Она с ужасом вспомнила «Тирольского потрошителя», который подкараулил какую-то англичанку, когда она одна прогуливалась в горах, затащил ее в пещеру и там подверг зверским истязаниям, а потом придушил...

Теперь его глаза не улыбались. Они смеялись, и было видно, что он ее раскусил. Он ей не поверил.

– Бедная девочка, Лалэбай, ты и в самом деле боишься! Фантазия – великая вещь. Но художнику нужно бы лучше разбираться в психологии. Иди сюда, дурочка.

Он взял ее за волосы, притянул к себе, мягко, но решительно, и, крепко держа, как держат за уши кроликов, поцеловал с той же приглушенной дикой исступленностью, с какой он целовал ее два часа назад, когда нес на руках, спускаясь от Сарацинской башни на Липари. Она урчала от удовольствия, безрассудно отдавшись новому наслаждению, что, впрочем, не мешало ей помнить о мелькнувшем было робком и, несомненно, глупом подозрении, которого она теперь бесконечно стыдилась.

«Человек – свет в ночи: вспыхивает утром, угаснув вечером».

Серповидной формы пещера оказалась внутри мягкой, как перина, из-за песка и водорослей. Здесь каждое слово, произнесенное тихим шепотом, отдавалось многоступенчатым затихающим эхом.

«Он вспыхивает к жизни, умерев, словно как вспыхивает к бодрствованию, уснув».

– Я не знаю, что ты там себе напридумывал, я не знаю, что ты там говоришь, – шептала Лулубэ, хотя в пещере, никого кроме них не было. – Но я знаю, что ты думаешь об этом. Об этом ужасе, о твоем отце. Не надо, не думай, сейчас не надо.

– Я ничего себе не придумываю. Я цитирую Гераклита. Гераклита Темного.

– Забудь его.

– Кого?

– Всех, и этого твоего темного Гераклита тоже. Ты ведь со мной.

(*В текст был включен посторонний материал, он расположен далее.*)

Lemma quot_fin_presented m (R : list (free_act S m * free_act S m)) :
  fin_presented (quot_act (gen_congruence_congruence R)).
Proof.
exists m, R, (quot_class (gen_congruence R)); split; last split.
- exact: quot_class_morphism.
- exact: quot_class_surj.
- by move=> u v; apply: quot_class_eq (gen_congruence_congruence R) u v.
Qed.

Definition span (G : act S) (gens : list G) (g : G) : Prop :=
  exists x t, In x gens /\ g = aact x t.

Lemma span_closed (G : act S) (gens : list G) : subact_closed (span gens).
Proof. by move=> g s [x [t [xg ->]]]; exists x, (mmul t s); rewrite aactM. Qed.

Lemma span_gen (G : act S) (gens : list G) x : In x gens -> span gens x.
Proof. by move=> xg; exists x, (mone S); rewrite aact1. Qed.

Lemma span_fin_generated (G : act S) (gens : list G) : fin_generated (span gens).
Proof.
exists gens; split=> [|g]; first exact: span_gen.
by rewrite /span; split=> [[x [t [xg ->]]] | [x [t [xg ->]]]]; exists x, t.
Qed.

End Presentations.

Section Amalgamation.
Variables (S : monoid) (G A : act S) (P : G -> Prop) (P_closed : subact_closed P).
Variable phi : sub_act P_closed -> A.
Hypothesis phiM : is_morphism phi.

(* Glue A to the part of G outside P, identifying g in P with phi g. *)
Definition amalg_car := (A + {g : G | ~ P g})%type.

Definition amalg_in (g : G) : amalg_car :=
  match excluded_middle_informative (P g) with
  | left Pg => inl (phi (exist _ g Pg))
  | right nPg => inr (exist _ g nPg)
  end.

Definition amalg_aact (x : amalg_car) (s : S) : amalg_car :=
  match x with
  | inl a => inl (aact a s)
  | inr g => amalg_in (aact (proj1_sig g) s)
  end.

Lemma amalg_in_sub g (Pg : P g) : amalg_in g = inl (phi (exist _ g Pg)).
Proof.
rewrite /amalg_in; case: excluded_middle_informative => // Pg'.
by rewrite (proof_irrelevance _ Pg Pg').
Qed.

Lemma amalg_in_aact g s : amalg_aact (amalg_in g) s = amalg_in (aact g s).
Proof.
rewrite {1}/amalg_in; case: excluded_middle_informative => Pg //=.
rewrite (amalg_in_sub (P_closed s Pg)) -phiM.
by congr (inl (phi _)); apply: sig_val_inj.
Qed.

Ее шепот прошелестел по складчатым шершавым извивам затемненных сумраком низких стен их вытянутой, как карликовый туннель, пещеры, прошуршал и сложился в ясные слова, слишком ясные, чтобы раствориться в плеске прибрежных волн.

– С тобой – Ла-лэ-бай.

– Знаешь, со мной тоже произошла одна страшная история.

– Неужели?

– Когда мне было пять лет. Моя мама...

– Твоя мама стала светом в ночи?

– Я тебя и в самом деле совсем не понимаю. Ей нанесли серьезную травму. У меня на глазах. У меня на глазах... ей выбили глаз.

– Неужели? И кто же это сделал?

– Мой пьяный отец. Барабанной палочкой. Я никогда об этом не рассказывала. Никому.

– Серьезная травма. Такое событие, пережитое в детстве, может сказаться на развитии ребенка, на всей его дальнейшей судьбе.

– Никому.

– Забудь, Лулубэ. Ты ведь со мной.

– Да-а-а-а! Да-а-а-а! – «А-а-а-а» – отозвалось мягкое эхо.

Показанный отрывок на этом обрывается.